▶ [DATA RECORDS]

Lemma chain_directed (K : Type) (lt : K -> K -> Prop) (W : K -> pstruct) :
  (forall s s', lt s s' \/ s = s' \/ lt s' s) ->
  (forall s s', lt s s' -> extends (W s') (W s)) -> directed W.
Proof.
move=> lt_total W_chain s s'.
case: (lt_total s s') => [lt_ss'|[<-|lt_s's]].
- by exists s'; split; [apply: W_chain|apply: extends_refl].
- by exists s; split; apply: extends_refl.
- by exists s; split; [apply: extends_refl|apply: W_chain].
Qed.

End PartialStructures.

Lemma extend_injection (X Y V : Type) (f : X -> Y) (a : X -> V) (b : Y -> V) :
  injective f -> injective a -> injective b -> (forall x y, a x <> b y) ->
  exists theta : Y -> V, [/\ injective theta, forall x, theta (f x) = a x &
    forall y, (exists x, theta y = a x) \/ theta y = b y].
Proof.
move=> f_inj a_inj b_inj ab_disj.
pose theta y := match excluded_middle_informative (exists x, f x = y) with
  | left in_range => a (sval (constructive_indefinite_description _ in_range))
  | right _ => b y end.
have theta_range y : (exists x, f x = y /\ theta y = a x) \/
    (forall x, f x <> y) /\ theta y = b y.
  rewrite /theta; case: excluded_middle_informative => [in_range|out].
    by case: constructive_indefinite_description => x fx; left; exists x.
  by right; split=> // x fx; apply: out; exists x.
exists theta; split.
- move=> y y'; case: (theta_range y) => [[x [<- ->]]|[_ ->]];
    case: (theta_range y') => [[x' [<- ->]]|[_ ->]].
  + by move/a_inj ->.
  + by move/ab_disj.
  + by move/esym/ab_disj.
  + by move/b_inj.
- by move=> x; case: (theta_range (f x)) => [[x' [/f_inj <-]]|[/(_ x)]].
- by move=> y; case: (theta_range y) => [[x [_ ->]]|[_ ->]]; [left; exists x|right].
Qed.

Section CountableExhaustion.
Variables (I : Type) (mu : I -> nat) (C : structure mu) (c : C -> nat).
Hypothesis c_inj : injective c.

Definition fsub (l : seq C) : fstruct mu :=
  existT (fun n => forall i, (mu i).-tuple 'I_n -> Prop) (size l)
    (fun i t => Defs.rel (map_tuple (tnth (in_tuple l)) t)).

Definition decode (j : nat) : option C :=
  match excluded_middle_informative (exists x, c x = j) with
  | left in_range => Some (sval (constructive_indefinite_description _ in_range))
  | right _ => None
  end.

Lemma decodeK x : decode (c x) = Some x.
Proof.
rewrite /decode; case: excluded_middle_informative => [in_range|[]]; last by exists x.
by case: constructive_indefinite_description => y /= /c_inj ->.
Qed.

Lemma decode_code j x : decode j = Some x -> c x = j.
Proof.
rewrite /decode; case: excluded_middle_informative => // in_range [<-].
by case: constructive_indefinite_description.
Qed.

Fixpoint enum_below k : seq C :=
  if k is k'.+1 then enum_below k' ++ seq_of_opt (decode k') else [::].

Lemma code_lt_enum_below k x : List.In x (enum_below k) -> c x < k.
Proof.
elim: k => [|k IHk] //= /List.in_app_iff [/IHk /ltnW //|].
by case E: (decode k) => [y|] //= [<-|[]]; rewrite (decode_code E).
Qed.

▶ [WHAT THIS TASK INVOLVES]
Set down exactly the lines above that run from the start of the listing to the line with "injective f ->". Leave out every later line.

▶ [TASK RESULT]
Lemma chain_directed (K : Type) (lt : K -> K -> Prop) (W : K -> pstruct) :
  (forall s s', lt s s' \/ s = s' \/ lt s' s) ->
  (forall s s', lt s s' -> extends (W s') (W s)) -> directed W.
Proof.
move=> lt_total W_chain s s'.
case: (lt_total s s') => [lt_ss'|[<-|lt_s's]].
- by exists s'; split; [apply: W_chain|apply: extends_refl].
- by exists s; split; apply: extends_refl.
- by exists s; split; [apply: extends_refl|apply: W_chain].
Qed.

End PartialStructures.

Lemma extend_injection (X Y V : Type) (f : X -> Y) (a : X -> V) (b : Y -> V) :
  injective f -> injective a -> injective b -> (forall x y, a x <> b y) ->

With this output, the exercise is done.